Lemma slope_lb0_descent x fx y v : slope_lb f 0 x -> f x = Some fx ->
  f y = Some v -> y != x ->
  exists z w, f z = Some w /\ w <= v /\ l1_dist x z < l1_dist x y.
Proof.
move=> lb Ex Ey nyx.
have [||i lti] := dom_neq_lt (x := x) (y := y) _ _ nyx; rewrite /in_dom ?Ex ?Ey //.
have [||j [ltj [v' [fx' [A [B [Ey' [Ex' [EA [EB AB]]]]]]]]]] :=
  fM (x := y) (y := x) _ _ lti; rewrite /in_dom ?Ex ?Ey //.
move: Ey AB; rewrite Ey' => -[<-] AB.
have [fx_le_B _] := slope_lb_shift lb Ex' EB.
exists (shift y j i 1), A; split=> //; split; [lia | exact: l1_dist_shift_lt].
Qed.

Lemma phi_ge0_min x fx : 0 <= phi f x -> f x = Some fx ->
  forall y v, f y = Some v -> fx <= v.
Proof.
move=> /(phi_geP _ _ (lexx 0)) lb Ex.
suff le_N (N : nat) y v : l1_dist x y <= N%:Z -> f y = Some v -> fx <= v.
  by move=> y v; apply: (le_N `|l1_dist x y|%N); rewrite abszE ler_norm.
elim: N y v => [|N IH] y v le_N Ey; have [yx|nyx] := eqVneq y x.
- by move: Ey; rewrite yx Ex => -[->].
- have [z [w [_ [_ lt_z]]]] := slope_lb0_descent lb Ex Ey nyx.
  by have := l1_dist_ge0 x z; lia.
- by move: Ey; rewrite yx Ex => -[->].
have [z [w [Ez [le_w lt_z]]]] := slope_lb0_descent lb Ex Ey nyx.
by apply: le_trans le_w; apply: IH Ez; lia.
Qed.

End Exchange.

Section SteepestMove.
Variables (n : nat) (f : efun n).
Hypothesis fM : exchange_axiom f.
Variable al : int.
Hypothesis al_lt0 : al < 0.

Definition avoids_slope (G : 'I_n -> 'I_n -> Prop) (y : vec n) : Prop :=
  forall a b, G a b -> fder f y a b <> Some al.

Definition closed_under_move (G : 'I_n -> 'I_n -> Prop) (i j : 'I_n) : Prop :=
  forall a b, G a b -> a = i \/ G a j.

(* Exchange y + chi_i - chi_j + chi_a - chi_b with y at coordinate a. *)
Lemma steepest_unit_step y i j fy G : slope_lb f al y -> f y = Some fy ->
  f (shift y i j 1) = Some (fy + al) -> avoids_slope G y -> closed_under_move G i j ->
  slope_lb f al (shift y i j 1) /\ avoids_slope G (shift y i j 1).
Proof.
move=> lb Ey Ey' avG clG.
suff bound a b fz : f (shift (shift y i j 1) a b 1) = Some fz ->
    fy + 2 * al <= fz /\ (G a b -> fy + 2 * al < fz).
  split=> [a b v | a b Gab] /fder_Some [w []]; rewrite Ey' => -[<-] /bound [le lt].
    lia.
  by have := lt Gab; lia.
move=> Ez; have [eab|nab] := eqVneq a b.
  by move: Ez; rewrite eab shiftii Ey' => -[<-]; lia.
have [eaj|naj] := eqVneq a j.
  move: Ez; have -> : shift (shift y i j 1) a b 1 = shift y i b 1.
    by apply/ffunP => k; rewrite eaj !shiftE; ring.
  by move=> /(slope_lb_shift lb Ey) [le _]; lia.
have [A [B [AB [[EA EB] | [EA EB]]]]] := exchange_two_steps fM nab naj Ey Ez.
  have [leA ltA] := slope_lb_shift lb Ey EA.
  have [leB ltB] := slope_lb_shift lb Ey EB.
  split=> [|Gab]; first lia.
  case: (clG _ _ Gab) => [ai|Gaj]; last by have := ltB (avG _ _ Gaj); lia.
  move: Gab EB; rewrite ai Ey' => Gib -[eB].
  by have := ltA (avG _ _ Gib); lia.
move: EA AB; rewrite Ey' => -[<-] AB.
have [leB ltB] := slope_lb_shift lb Ey EB.
by split=> [|Gab]; [|have := ltB (avG _ _ Gab)]; lia.
Qed.

(* Convexity along the line squeezes the first unit step between the lower
   bound al and the average slope al of the chord. *)
Lemma chord_unit_step p i j (t : nat) fp : i != j -> slope_lb f al p -> f p = Some fp ->
  f (shift p i j (t%:Z + 1)) = Some (fp + (t%:Z + 1) * al) ->
  f (shift p i j 1) = Some (fp + al).
Proof.
move=> nij lb Ep Et.
have [g [Eg le_g]] := unit_slope_le_chord fM nij Ep Et.
have [lb_g _] := slope_lb_shift lb Ep Eg.
by rewrite Eg; congr Some; nia.
Qed.

Lemma steepest_segment y i j c fy G : slope_lb f al y -> f y = Some fy ->
  fder f y i j = Some al -> is_cbar f y i j c ->
  avoids_slope G y -> closed_under_move G i j ->
  [/\ slope_lb f al (shift y i j c), avoids_slope G (shift y i j c),
      f (shift y i j c) = Some (fy + c * al), 1 <= c &
      fder f (shift y i j c) i j <> Some al].
Proof.
move=> lb Ey Dij [c_ge0 [[fy' [d [Ey' [Dij' Ec]]]] c_max]] avG clG.
move: Ey' Dij' Ec; rewrite Ey Dij => -[<-] -[<-] Ec.
have nij : i != j.
  by apply/eqP => eij; move: Dij; rewrite eij (fderii _ Ey) => -[]; lia.
have step_okP (s : int) : f (shift y i j s) = Some (fy + s * al) -> step_ok f y i j s.
  by exists fy, al.
have c_ge1 : 1 <= c.
  apply: c_max => //; apply: step_okP; rewrite mul1r.
  by have [w []] := fder_Some Dij; rewrite Ey => -[<-].
case: c c_ge0 c_ge1 Ec c_max => [cn|//] _ c_ge1 Ec c_max.
have inv (s : nat) : (s <= cn)%N -> [/\ slope_lb f al (shift y i j s),
    avoids_slope G (shift y i j s) & f (shift y i j s) = Some (fy + s%:Z * al)].
  elim: s => [|s IH] le_s; first by rewrite shift0 mul0r addr0.
  have [lb_s avG_s E_s] := IH (ltnW le_s).
  have E1 : f (shift (shift y i j s) i j 1) = Some (fy + s%:Z * al + al).
    apply: (chord_unit_step (t := (cn - s.+1)%N)) nij lb_s E_s _.
    have -> : (cn - s.+1)%N%:Z + 1 = cn%:Z - s%:Z by lia.
    by rewrite shiftD addrC subrK Ec; congr Some; ring.
  have [lb' avG'] := steepest_unit_step lb_s E_s E1 avG_s clG.
  move: lb' avG' E1; rewrite shiftD; have -> : s%:Z + 1 = s.+1 by lia.
  by move=> lb' avG' E1; split=> //; rewrite E1; congr Some; lia.
have [lb_c avG_c E_c] := inv cn (leqnn cn).
split=> // /fder_Some [w []]; rewrite E_c => -[<-]; rewrite shiftD => E_c1.
have : cn%:Z + 1 <= cn by apply: c_max; [lia | apply: step_okP; rewrite E_c1; congr Some; lia].
lia.
Qed.

End SteepestMove.

Section IncSlopeRun.
Variables (n : nat) (f : efun n).
Hypothesis fM : exchange_axiom f.
Variable al : int.
Hypothesis al_lt0 : al < 0.
Variable (x : vec n) (fx : int).

(* The alternative [y = x] covers the case where no move has been made yet. *)
Definition descent_inv (G : 'I_n -> 'I_n -> Prop) (y : vec n) : Prop :=
  [/\ slope_lb f al y,
      exists fy, f y = Some fy /\ fy <= fx /\ (y = x \/ fy <= fx + al)
    & avoids_slope f al G y].

(* Pairs already inspected: the rows in P, and the columns J of row i. *)
Definition done_pairs (P : seq 'I_n) (i : 'I_n) (J : seq 'I_n) (a b : 'I_n) : Prop :=
  a \in P \/ (a = i /\ b \in J).

Lemma avoids_done_rcons P i J j z : avoids_slope f al (done_pairs P i J) z ->
  fder f z i j <> Some al -> avoids_slope f al (done_pairs P i (rcons J j)) z.
Proof.
move=> avz nDz a b [aP | [-> ]]; first by apply: avz; left.
by rewrite mem_rcons in_cons => /orP [/eqP -> // | bJ]; apply: avz; right.
Qed.

Lemma inner_run_inv P i js J y y' : inner_run f al i js y y' ->
  descent_inv (done_pairs P i J) y -> descent_inv (done_pairs P i (J ++ js)) y'.
Proof.
elim: js J y => [|j js IH] J y /=; first by move=> ->; rewrite cats0.
move=> [y1 [step run]] [lb [fy [Ey [le_fx moved]]] avG].
rewrite -cat_rcons; apply: (IH _ y1 run).
move: step; case: eqP => [Dij [c [cbar ->]] | nDij ->]; last first.
  by split=> //; [exists fy | exact: avoids_done_rcons].
have clG : closed_under_move (done_pairs P i J) i j.
  by move=> a b [aP | [ai _]]; [right; left | left].
have [lb' avG' E' c_ge1 nD'] := steepest_segment fM al_lt0 lb Ey Dij cbar avG clG.
split=> //; last exact: avoids_done_rcons.
by exists (fy + c * al); split=> //; split; [nia | right; nia].
Qed.

Lemma outer_run_inv js : (forall i, perm_eq (js i) [seq j <- enum 'I_n | j != i]) ->
  forall ord P y y', outer_run f al ord js y y' ->
  descent_inv (fun a _ => a \in P) y -> descent_inv (fun a _ => a \in P ++ ord) y'.
Proof.
move=> js_perm; elim=> [|i ord IH] P y y' /=; first by move=> ->; rewrite cats0.
move=> [y1 [inner outer]] [lb Dy avG]; rewrite -cat_rcons; apply: (IH _ y1 _ outer).
have inv0 : descent_inv (done_pairs P i [::]) y.
  by split=> // a b [aP | [_ //]]; apply: avG.
have [lb1 [fy1 [Ey1 Dy1]] avG1] := inner_run_inv inner inv0.
split=> //; first by exists fy1.
move=> a b; rewrite mem_rcons in_cons => /orP [/eqP -> | aP]; last by apply: avG1; left.
have [-> | nbi] := eqVneq b i; first by rewrite (fderii _ Ey1) => -[]; lia.
by apply: avG1; right; split=> //; rewrite (perm_mem (js_perm i)) mem_filter mem_enum nbi.
Qed.

End IncSlopeRun.

Lemma IncSlope_progress n (f : efun n) x y : exchange_axiom f ->
  phi f x < 0 -> M_IncSlope f x y ->
  exists fx fy, [/\ f x = Some fx, f y = Some fy, fy <= fx + phi f x &
                    phi f x + 1 <= phi f y].
Proof.
move=> fM phi_lt0 [ord [js [ord_perm [js_perm run]]]].
have [fx Ex] := phi_lt0_dom phi_lt0.
have inv0 : descent_inv f (phi f x) x fx (fun a _ => a \in [::]) x.
  split=> [||//]; first exact/(phi_geP _ _ (ltW phi_lt0)).
  by exists fx; split=> //; split=> //; left.
have [lb_y [fy [Ey [_ moved]]] avG] := outer_run_inv fM phi_lt0 js_perm run inv0.
have phi_inc : phi f x + 1 <= phi f y.
  have phi_inc_le0 : phi f x + 1 <= 0 by lia.
  apply/(phi_geP _ _ phi_inc_le0) => a b v Dv.
  have : v <> phi f x.
    by move=> e; apply: (avG a b); rewrite ?Dv ?e //= (perm_mem ord_perm) mem_enum.
  by have := lb_y _ _ _ Dv; lia.
exists fx, fy; split=> //; case: moved => [eyx | //].
by move: phi_inc; rewrite eyx; lia.
Qed.

Lemma quadratic_descent (v p : nat -> int) (k : nat) :
  (forall t, (t < k)%N -> v t.+1 <= v t + p t /\ p t + 1 <= p t.+1) -> p k = 0 ->
  (k * k)%:Z <= 2 * (v 0%N - v k).
Proof.
move=> step pk.
have p_le d t : (t + d = k)%N -> p t + d%:Z <= 0.
  elim: d t => [|d IH] t ek; first by move: pk; rewrite -ek addn0 => ->.
  have [_ inc] : v t.+1 <= v t + p t /\ p t + 1 <= p t.+1 by apply: step; lia.
  by have := IH t.+1 (etrans (addSnnS t d) ek); lia.
have v_le t : (t <= k)%N -> t%:Z * (2 * k%:Z - t%:Z + 1) <= 2 * (v 0%N - v t).
  elim: t => [|t IH] le_t; first lia.
  have [dec _] := step t le_t.
  have := p_le (k - t)%N t (subnKC (ltnW le_t)); have := IH (ltnW le_t); nia.
by have := v_le k (leqnn k); nia.
Qed.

▶ ASSIGNED TASK: Show all lines above that contain "elim".

▶ OUTPUT BELOW:
elim: N y v => [|N IH] y v le_N Ey; have [yx|nyx] := eqVneq y x.
  elim: s => [|s IH] le_s; first by rewrite shift0 mul0r addr0.
elim: js J y => [|j js IH] J y /=; first by move=> ->; rewrite cats0.
move=> js_perm; elim=> [|i ord IH] P y y' /=; first by move=> ->; rewrite cats0.
  elim: d t => [|d IH] t ek; first by move: pk; rewrite -ek addn0 => ->.
  elim: t => [|t IH] le_t; first lia.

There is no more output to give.